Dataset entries
┄┄┄┄┄┄┄┄┄┄┄┄┄┄┄┄┄┄┄┄
(* Let $G$ be a finite simple graph and let $q \ge p \ge 0$ be integers. Then $\alpha_q(G) \le \left\lceil \frac{q+1}{p+1} \right\rceil \alpha_p(G)$.
   Context: For a graph $G=(V,E)$ and an integer $k\ge 0$, a $k$-independent set is a set $S\subseteq V$ such that the induced subgraph $G[S]$ has maximum degree at most $k$; $\alpha_k(G)$ denotes the maximum cardinality of a $k$-independent set of $G$ (so $\alpha_0(G)$ is the usual independence number). *)

From mathcomp Require Import all_boot.
Set Implicit Arguments. Unset Strict Implicit. Unset Printing Implicit Defensive.

Definition simple_graph (T : finType) (e : rel T) : Prop :=
  symmetric e /\ irreflexive e.

Definition k_independent (T : finType) (e : rel T) (k : nat) (S : {set T}) : bool :=
  [forall x in S, #|[set y in S | e x y]| <= k].

(* alpha_k(G): maximum cardinality of a k-independent set (the empty set is
   always k-independent, so the max is over a nonempty family). *)
Definition alpha_k (T : finType) (e : rel T) (k : nat) : nat :=
  \max_(S : {set T} | k_independent e k S) #|S|.

Definition ceil_div (m d : nat) : nat := (m + d.-1) %/ d.

From mathcomp Require Import all_boot.
From mathcomp Require Import zify.
Set Implicit Arguments. Unset Strict Implicit. Unset Printing Implicit Defensive.

(* Proof idea (Lovász's colouring argument).  Put c := ceil((q+1)/(p+1)), so
   that q < c (p+1).  Let S be a q-independent set and colour S with c colours
   so as to minimise the number of monochromatic edges inside S (we count
   [cost], which is twice that number).  If a vertex v had more than p
   neighbours of its own colour, then, since v has at most q < c (p+1)
   neighbours in S, some colour j occurs at most p times among them, and
   recolouring v with j would strictly decrease the cost.  Hence in an optimal
   colouring every colour class is p-independent, so
   |S| = sum of the c class sizes <= c alpha_p(G). *)

Section Colourings.

Variables (T : finType) (e : rel T).
Hypotheses (e_sym : symmetric e) (e_irr : irreflexive e).
Variables (S : {set T}) (c : nat).

Implicit Types (f : {ffun T -> 'I_c}) (x v : T) (j k : 'I_c).

Definition colour_class f k : {set T} := [set x in S | f x == k].

Definition cdeg f x k : nat := \sum_(y in S) (e x y && (f y == k)).

Definition cost f : nat := \sum_(x in S) cdeg f x (f x).

Definition recolour f v j : {ffun T -> 'I_c} :=
  [ffun z => if z == v then j else f z].

Lemma cdeg_card f x k :
  cdeg f x k = #|[set y in colour_class f k | e x y]|.
Proof.
rewrite /cdeg -sum1_card big_mkcond [RHS]big_mkcond /=.
apply: eq_bigr => y _; rewrite !inE.
by case: (y \in S); case: (f y == k); case: (e x y).
Qed.

Lemma sum_cdeg f x : \sum_(k < c) cdeg f x k = #|[set y in S | e x y]|.
Proof.
rewrite /cdeg exchange_big /= -sum1_card big_mkcond [RHS]big_mkcond /=.
apply: eq_bigr => y _; rewrite inE; case: (y \in S) => //.
rewrite (bigD1 (f y)) //= eqxx big1 ?addn0; first by case: (e x y).
by move=> k /negbTE kfy; rewrite eq_sym kfy andbF.
Qed.

Lemma sparse_colour f x p :
  #|[set y in S | e x y]| < c * p.+1 -> exists j, cdeg f x j <= p.
Proof.
move=> small; apply/existsP; apply: contraLR small => /existsPn dense.
rewrite -leqNgt -(sum_cdeg f) -[c in c * _]card_ord -sum_nat_const.
by apply: leq_sum => k _; rewrite ltnNge dense.
Qed.

Lemma cdeg_recolour f v j x k : v \in S ->
  cdeg (recolour f v j) x k + (e x v && (f v == k))
  = cdeg f x k + (e x v && (j == k)).
Proof.
move=> vS; rewrite /cdeg (bigD1 v vS) [X in _ = X + _](bigD1 v vS) /=.
rewrite ffunE eqxx.
under eq_bigr => y /andP[_ /negbTE yv] do rewrite ffunE yv.
by rewrite addnAC [RHS]addnC addnA.
Qed.

Lemma cdeg_other f v k : v \in S ->
  cdeg f v k = \sum_(i in S | i != v) (e i v && (k == f i)).
Proof.
move=> vS; rewrite /cdeg (bigD1 v vS) /= e_irr /=.
by apply: eq_bigr => i _; rewrite e_sym eq_sym.
Qed.

Lemma cost_recolour f v j : v \in S ->
  cost (recolour f v j) + 2 * cdeg f v (f v) = cost f + 2 * cdeg f v j.
Proof.
move=> vS; set f' := recolour f v j.
have f'v : f' v = j by rewrite ffunE eqxx.
have f'i i : i != v -> f' i = f i by move/negbTE=> iv; rewrite ffunE iv.
have own : cdeg f' v j = cdeg f v j.
  by have := cdeg_recolour f j v j vS; rewrite e_irr /= !addn0.
(* For i <> v only the edge iv can change its contribution; summed over i
   this trades cdeg f v (f v) for cdeg f v j. *)
have others : \sum_(i in S | i != v) cdeg f' i (f' i) + cdeg f v (f v)
            = \sum_(i in S | i != v) cdeg f i (f i) + cdeg f v j.
  rewrite !cdeg_other // -!big_split /=.
  by apply: eq_bigr => i /andP[_ iv]; rewrite f'i //; apply: cdeg_recolour.
have cost_at_v g : cost g = cdeg g v (g v) + \sum_(i in S | i != v) cdeg g i (g i).
  by rewrite /cost (bigD1 v vS).
rewrite !cost_at_v f'v own; lia.
Qed.

Lemma optimal_colouring_sparse f p :
  (forall g, cost f <= cost g) ->
  (forall v, v \in S -> #|[set y in S | e v y]| < c * p.+1) ->
  forall v, v \in S -> cdeg f v (f v) <= p.
Proof.
move=> fmin small v vS; rewrite leqNgt; apply/negP => dense.
have [j sparse] := sparse_colour f (small v vS).
have := cost_recolour f j vS; have := fmin (recolour f v j).
have : cdeg f v j < cdeg f v (f v) by apply: leq_ltn_trans dense.
lia.
Qed.

Lemma card_colour_classes f : #|S| = \sum_(k < c) #|colour_class f k|.
Proof.
rewrite -sum1_card (partition_big (fun x => f x) xpredT) //=.
by apply: eq_bigr => k _; rewrite -sum1_card; apply: eq_bigl => x; rewrite inE.
Qed.

End Colourings.

Lemma ceil_div_mul q p : q < ceil_div q.+1 p.+1 * p.+1.
Proof.
rewrite /ceil_div /=.
have := divn_eq (q.+1 + p) p.+1; have := ltn_mod (q.+1 + p) p.+1; lia.
Qed.

Lemma split_into_independent (T : finType) (e : rel T) (S : {set T}) p q c :
  symmetric e -> irreflexive e -> k_independent e q S -> q < c * p.+1 ->
  exists f : {ffun T -> 'I_c},
    forall k, k_independent e p (colour_class S f k).
Proof.
move=> e_sym e_irr /forallP Sq qc.
have c_gt0 : 0 < c by move: qc; case: c.
pose f0 : {ffun T -> 'I_c} := [ffun _ => Ordinal c_gt0].
have [f _ fmin] := @arg_minnP _ f0 xpredT (@cost T e S c) isT.
exists f => k; apply/forallP => x; apply/implyP; rewrite inE => /andP[xS /eqP <-].
rewrite -cdeg_card; apply: (optimal_colouring_sparse e_sym e_irr) => // [g|v vS].
  exact: fmin.
by apply: leq_ltn_trans qc; have := Sq v; rewrite vS.
Qed.

Theorem mainTheorem1 (T : finType) (e : rel T) (p q : nat) :
  simple_graph e -> p <= q ->
  alpha_k e q <= ceil_div q.+1 p.+1 * alpha_k e p.
Proof.
move=> [e_sym e_irr] _; apply/bigmax_leqP => S Sq.
have [f classes_p] := split_into_independent e_sym e_irr Sq (ceil_div_mul q p).
rewrite (card_colour_classes S f) -[X in _ <= X * _]card_ord -sum_nat_const.
by apply: leq_sum => k _; apply: leq_bigmax_cond.
Qed.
┄┄┄┄┄┄┄┄┄┄┄┄┄┄┄┄┄┄┄┄
Set down, exactly as they appear above, all lines from the one that has "Lemma cost_recolour f v j : v \in S ->" down to the one that has "by have := cdeg_recolour", including those two and no others.

> Answer to this exercise
Lemma cost_recolour f v j : v \in S ->
  cost (recolour f v j) + 2 * cdeg f v (f v) = cost f + 2 * cdeg f v j.
Proof.
move=> vS; set f' := recolour f v j.
have f'v : f' v = j by rewrite ffunE eqxx.
have f'i i : i != v -> f' i = f i by move/negbTE=> iv; rewrite ffunE iv.
have own : cdeg f' v j = cdeg f v j.
  by have := cdeg_recolour f j v j vS; rewrite e_irr /= !addn0.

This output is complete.